Among the lines below, take the one holding "From mathcomp Require Import ring zify.", the one holding "move=> indep k; apply/eqP => hk0.", and all lines between them. Set them down exactly.

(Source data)
= = = = = = =
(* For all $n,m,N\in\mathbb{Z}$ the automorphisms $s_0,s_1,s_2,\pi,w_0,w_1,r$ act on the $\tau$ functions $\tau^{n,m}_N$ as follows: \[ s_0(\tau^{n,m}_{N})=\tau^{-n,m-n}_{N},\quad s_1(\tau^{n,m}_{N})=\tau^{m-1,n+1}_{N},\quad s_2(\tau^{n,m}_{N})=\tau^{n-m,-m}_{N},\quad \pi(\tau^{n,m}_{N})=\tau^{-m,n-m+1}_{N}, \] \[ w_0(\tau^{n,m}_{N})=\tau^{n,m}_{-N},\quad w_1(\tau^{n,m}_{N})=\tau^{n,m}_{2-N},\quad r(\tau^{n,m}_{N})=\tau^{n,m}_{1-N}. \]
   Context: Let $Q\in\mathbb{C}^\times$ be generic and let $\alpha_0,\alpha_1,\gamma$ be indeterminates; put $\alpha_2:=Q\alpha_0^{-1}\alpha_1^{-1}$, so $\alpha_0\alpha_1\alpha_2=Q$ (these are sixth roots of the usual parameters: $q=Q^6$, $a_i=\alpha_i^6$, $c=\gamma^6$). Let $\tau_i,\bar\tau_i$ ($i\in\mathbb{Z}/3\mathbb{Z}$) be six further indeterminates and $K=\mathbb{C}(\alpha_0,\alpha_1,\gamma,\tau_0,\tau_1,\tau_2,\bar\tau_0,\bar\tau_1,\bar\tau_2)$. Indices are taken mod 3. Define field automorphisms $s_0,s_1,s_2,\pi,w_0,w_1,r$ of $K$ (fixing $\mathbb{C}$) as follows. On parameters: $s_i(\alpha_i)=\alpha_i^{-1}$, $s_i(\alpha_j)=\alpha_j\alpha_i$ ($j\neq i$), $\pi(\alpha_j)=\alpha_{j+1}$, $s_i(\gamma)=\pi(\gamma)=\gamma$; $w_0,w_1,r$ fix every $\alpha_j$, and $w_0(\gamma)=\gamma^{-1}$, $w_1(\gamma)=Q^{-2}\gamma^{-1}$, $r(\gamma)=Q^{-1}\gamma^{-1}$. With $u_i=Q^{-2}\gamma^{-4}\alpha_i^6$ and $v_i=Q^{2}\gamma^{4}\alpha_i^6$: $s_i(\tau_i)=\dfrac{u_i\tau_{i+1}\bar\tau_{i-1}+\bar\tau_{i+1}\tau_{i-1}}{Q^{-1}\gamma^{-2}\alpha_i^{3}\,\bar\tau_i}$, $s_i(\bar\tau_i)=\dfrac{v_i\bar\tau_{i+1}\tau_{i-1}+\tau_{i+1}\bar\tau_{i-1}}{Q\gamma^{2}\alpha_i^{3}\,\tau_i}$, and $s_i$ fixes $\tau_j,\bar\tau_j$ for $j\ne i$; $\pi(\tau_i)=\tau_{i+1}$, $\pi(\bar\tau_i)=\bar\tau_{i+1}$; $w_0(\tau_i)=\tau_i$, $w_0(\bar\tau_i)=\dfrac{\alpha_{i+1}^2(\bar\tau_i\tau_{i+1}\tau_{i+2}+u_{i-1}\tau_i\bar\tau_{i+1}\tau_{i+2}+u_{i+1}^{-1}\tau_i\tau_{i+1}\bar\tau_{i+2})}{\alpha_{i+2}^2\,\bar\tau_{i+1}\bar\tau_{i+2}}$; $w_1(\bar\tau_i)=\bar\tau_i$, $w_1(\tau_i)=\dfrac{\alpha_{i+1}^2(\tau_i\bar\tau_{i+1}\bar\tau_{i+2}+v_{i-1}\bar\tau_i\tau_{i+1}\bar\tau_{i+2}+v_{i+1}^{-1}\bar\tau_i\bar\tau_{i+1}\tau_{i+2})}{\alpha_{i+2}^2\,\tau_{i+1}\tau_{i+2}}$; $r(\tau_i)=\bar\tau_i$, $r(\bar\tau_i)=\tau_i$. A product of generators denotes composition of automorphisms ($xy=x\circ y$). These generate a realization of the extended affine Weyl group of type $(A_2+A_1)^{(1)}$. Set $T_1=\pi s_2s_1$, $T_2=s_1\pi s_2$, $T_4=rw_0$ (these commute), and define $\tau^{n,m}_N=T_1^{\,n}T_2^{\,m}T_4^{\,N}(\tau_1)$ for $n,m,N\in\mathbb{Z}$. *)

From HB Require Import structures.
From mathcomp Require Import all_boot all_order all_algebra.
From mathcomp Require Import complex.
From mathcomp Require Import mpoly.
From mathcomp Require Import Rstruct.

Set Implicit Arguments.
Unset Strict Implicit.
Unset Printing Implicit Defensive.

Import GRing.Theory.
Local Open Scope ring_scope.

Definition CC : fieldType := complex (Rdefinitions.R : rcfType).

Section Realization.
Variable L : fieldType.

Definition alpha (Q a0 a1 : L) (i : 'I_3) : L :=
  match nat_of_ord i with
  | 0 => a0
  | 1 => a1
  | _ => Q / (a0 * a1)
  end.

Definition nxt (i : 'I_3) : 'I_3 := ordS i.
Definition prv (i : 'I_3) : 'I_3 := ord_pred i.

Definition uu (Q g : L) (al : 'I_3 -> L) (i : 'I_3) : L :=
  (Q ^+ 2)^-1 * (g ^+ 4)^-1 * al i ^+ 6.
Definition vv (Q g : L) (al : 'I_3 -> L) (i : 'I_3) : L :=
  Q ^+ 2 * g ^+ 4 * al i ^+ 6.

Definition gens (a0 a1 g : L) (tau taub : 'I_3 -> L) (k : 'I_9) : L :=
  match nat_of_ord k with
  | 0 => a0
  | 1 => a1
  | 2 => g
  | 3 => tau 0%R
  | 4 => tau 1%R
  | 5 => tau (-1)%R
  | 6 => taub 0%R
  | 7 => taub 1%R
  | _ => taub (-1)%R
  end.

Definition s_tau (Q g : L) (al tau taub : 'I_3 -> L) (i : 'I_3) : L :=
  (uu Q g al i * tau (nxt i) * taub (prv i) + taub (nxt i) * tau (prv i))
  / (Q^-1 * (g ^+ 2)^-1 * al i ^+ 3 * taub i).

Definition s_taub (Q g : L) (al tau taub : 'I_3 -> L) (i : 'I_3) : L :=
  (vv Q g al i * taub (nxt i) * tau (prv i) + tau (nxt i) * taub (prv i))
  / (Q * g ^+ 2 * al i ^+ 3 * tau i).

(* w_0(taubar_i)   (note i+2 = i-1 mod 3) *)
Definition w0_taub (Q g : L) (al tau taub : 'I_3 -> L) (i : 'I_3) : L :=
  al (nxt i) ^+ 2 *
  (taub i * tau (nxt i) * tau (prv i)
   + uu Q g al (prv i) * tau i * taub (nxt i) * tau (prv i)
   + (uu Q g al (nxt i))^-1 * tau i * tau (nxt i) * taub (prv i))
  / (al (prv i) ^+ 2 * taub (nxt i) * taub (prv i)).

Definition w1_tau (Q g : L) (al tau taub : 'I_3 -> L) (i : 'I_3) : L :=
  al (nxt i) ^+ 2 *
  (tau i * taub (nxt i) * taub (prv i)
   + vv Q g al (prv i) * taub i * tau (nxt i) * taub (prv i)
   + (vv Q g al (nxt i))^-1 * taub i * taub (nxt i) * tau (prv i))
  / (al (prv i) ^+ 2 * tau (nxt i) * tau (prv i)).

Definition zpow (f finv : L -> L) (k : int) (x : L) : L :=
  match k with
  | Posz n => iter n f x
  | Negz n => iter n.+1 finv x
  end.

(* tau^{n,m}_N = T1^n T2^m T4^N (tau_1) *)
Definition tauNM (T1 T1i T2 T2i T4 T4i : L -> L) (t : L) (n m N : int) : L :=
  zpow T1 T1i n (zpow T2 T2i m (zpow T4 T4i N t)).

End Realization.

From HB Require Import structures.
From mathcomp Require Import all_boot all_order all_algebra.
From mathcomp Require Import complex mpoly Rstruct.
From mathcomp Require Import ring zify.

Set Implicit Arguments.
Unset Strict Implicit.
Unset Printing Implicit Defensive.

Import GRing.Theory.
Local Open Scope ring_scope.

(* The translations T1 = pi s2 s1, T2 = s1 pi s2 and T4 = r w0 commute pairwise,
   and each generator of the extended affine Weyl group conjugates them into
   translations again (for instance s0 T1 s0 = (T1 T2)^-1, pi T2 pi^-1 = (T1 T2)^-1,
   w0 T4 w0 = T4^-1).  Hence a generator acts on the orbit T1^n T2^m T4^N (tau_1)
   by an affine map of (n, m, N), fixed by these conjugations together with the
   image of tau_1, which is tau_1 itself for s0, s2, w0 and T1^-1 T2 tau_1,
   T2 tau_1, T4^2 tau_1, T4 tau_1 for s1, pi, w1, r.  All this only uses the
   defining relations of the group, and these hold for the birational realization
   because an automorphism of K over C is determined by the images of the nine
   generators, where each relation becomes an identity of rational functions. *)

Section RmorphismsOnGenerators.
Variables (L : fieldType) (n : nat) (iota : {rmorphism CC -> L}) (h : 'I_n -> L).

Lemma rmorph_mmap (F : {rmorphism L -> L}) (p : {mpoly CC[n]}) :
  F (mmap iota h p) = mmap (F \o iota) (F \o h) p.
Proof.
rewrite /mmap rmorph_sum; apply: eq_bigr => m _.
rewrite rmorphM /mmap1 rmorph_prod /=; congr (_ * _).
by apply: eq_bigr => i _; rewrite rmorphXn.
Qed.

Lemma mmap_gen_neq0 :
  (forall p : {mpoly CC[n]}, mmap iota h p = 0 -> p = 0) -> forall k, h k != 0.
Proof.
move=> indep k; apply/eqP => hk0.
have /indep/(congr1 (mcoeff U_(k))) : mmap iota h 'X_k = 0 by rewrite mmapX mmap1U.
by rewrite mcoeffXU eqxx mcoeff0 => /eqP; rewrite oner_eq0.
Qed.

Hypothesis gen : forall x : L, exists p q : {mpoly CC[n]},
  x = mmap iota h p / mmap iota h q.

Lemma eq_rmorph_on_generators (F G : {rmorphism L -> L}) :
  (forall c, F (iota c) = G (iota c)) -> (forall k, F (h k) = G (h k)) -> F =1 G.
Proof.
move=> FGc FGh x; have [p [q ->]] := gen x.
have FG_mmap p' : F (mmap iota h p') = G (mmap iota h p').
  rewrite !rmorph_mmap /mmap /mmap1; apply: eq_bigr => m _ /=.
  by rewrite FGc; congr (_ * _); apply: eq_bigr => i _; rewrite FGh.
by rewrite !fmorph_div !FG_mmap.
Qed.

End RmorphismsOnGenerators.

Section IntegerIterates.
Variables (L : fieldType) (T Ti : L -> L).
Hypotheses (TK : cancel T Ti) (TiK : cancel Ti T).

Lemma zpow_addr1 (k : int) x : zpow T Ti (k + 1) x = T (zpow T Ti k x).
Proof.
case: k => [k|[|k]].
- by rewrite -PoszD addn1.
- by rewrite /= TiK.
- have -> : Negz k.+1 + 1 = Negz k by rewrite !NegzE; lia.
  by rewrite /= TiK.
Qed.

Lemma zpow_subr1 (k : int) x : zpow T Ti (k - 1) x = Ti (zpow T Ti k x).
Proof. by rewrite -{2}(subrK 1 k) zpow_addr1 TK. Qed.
= = = = = = =
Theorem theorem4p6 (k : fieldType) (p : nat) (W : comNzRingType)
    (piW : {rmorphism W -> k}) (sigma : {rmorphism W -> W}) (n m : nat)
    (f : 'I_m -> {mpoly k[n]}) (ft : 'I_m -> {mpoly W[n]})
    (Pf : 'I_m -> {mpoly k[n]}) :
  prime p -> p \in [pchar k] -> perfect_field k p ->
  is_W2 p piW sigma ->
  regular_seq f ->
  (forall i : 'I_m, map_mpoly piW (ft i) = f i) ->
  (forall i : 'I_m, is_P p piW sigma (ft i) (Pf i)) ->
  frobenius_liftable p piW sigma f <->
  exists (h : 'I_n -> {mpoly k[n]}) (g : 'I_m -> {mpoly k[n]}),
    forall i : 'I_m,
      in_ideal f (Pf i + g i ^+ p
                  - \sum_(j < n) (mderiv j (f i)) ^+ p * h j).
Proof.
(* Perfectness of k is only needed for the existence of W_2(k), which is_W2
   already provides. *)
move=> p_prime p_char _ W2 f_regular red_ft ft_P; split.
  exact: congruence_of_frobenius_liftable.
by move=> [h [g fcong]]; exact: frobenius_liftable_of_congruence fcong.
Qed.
= = = = = = =
Response area —
From mathcomp Require Import ring zify.

Set Implicit Arguments.
Unset Strict Implicit.
Unset Printing Implicit Defensive.

Import GRing.Theory.
Local Open Scope ring_scope.

(* The translations T1 = pi s2 s1, T2 = s1 pi s2 and T4 = r w0 commute pairwise,
   and each generator of the extended affine Weyl group conjugates them into
   translations again (for instance s0 T1 s0 = (T1 T2)^-1, pi T2 pi^-1 = (T1 T2)^-1,
   w0 T4 w0 = T4^-1).  Hence a generator acts on the orbit T1^n T2^m T4^N (tau_1)
   by an affine map of (n, m, N), fixed by these conjugations together with the
   image of tau_1, which is tau_1 itself for s0, s2, w0 and T1^-1 T2 tau_1,
   T2 tau_1, T4^2 tau_1, T4 tau_1 for s1, pi, w1, r.  All this only uses the
   defining relations of the group, and these hold for the birational realization
   because an automorphism of K over C is determined by the images of the nine
   generators, where each relation becomes an identity of rational functions. *)

Section RmorphismsOnGenerators.
Variables (L : fieldType) (n : nat) (iota : {rmorphism CC -> L}) (h : 'I_n -> L).

Lemma rmorph_mmap (F : {rmorphism L -> L}) (p : {mpoly CC[n]}) :
  F (mmap iota h p) = mmap (F \o iota) (F \o h) p.
Proof.
rewrite /mmap rmorph_sum; apply: eq_bigr => m _.
rewrite rmorphM /mmap1 rmorph_prod /=; congr (_ * _).
by apply: eq_bigr => i _; rewrite rmorphXn.
Qed.

Lemma mmap_gen_neq0 :
  (forall p : {mpoly CC[n]}, mmap iota h p = 0 -> p = 0) -> forall k, h k != 0.
Proof.
move=> indep k; apply/eqP => hk0.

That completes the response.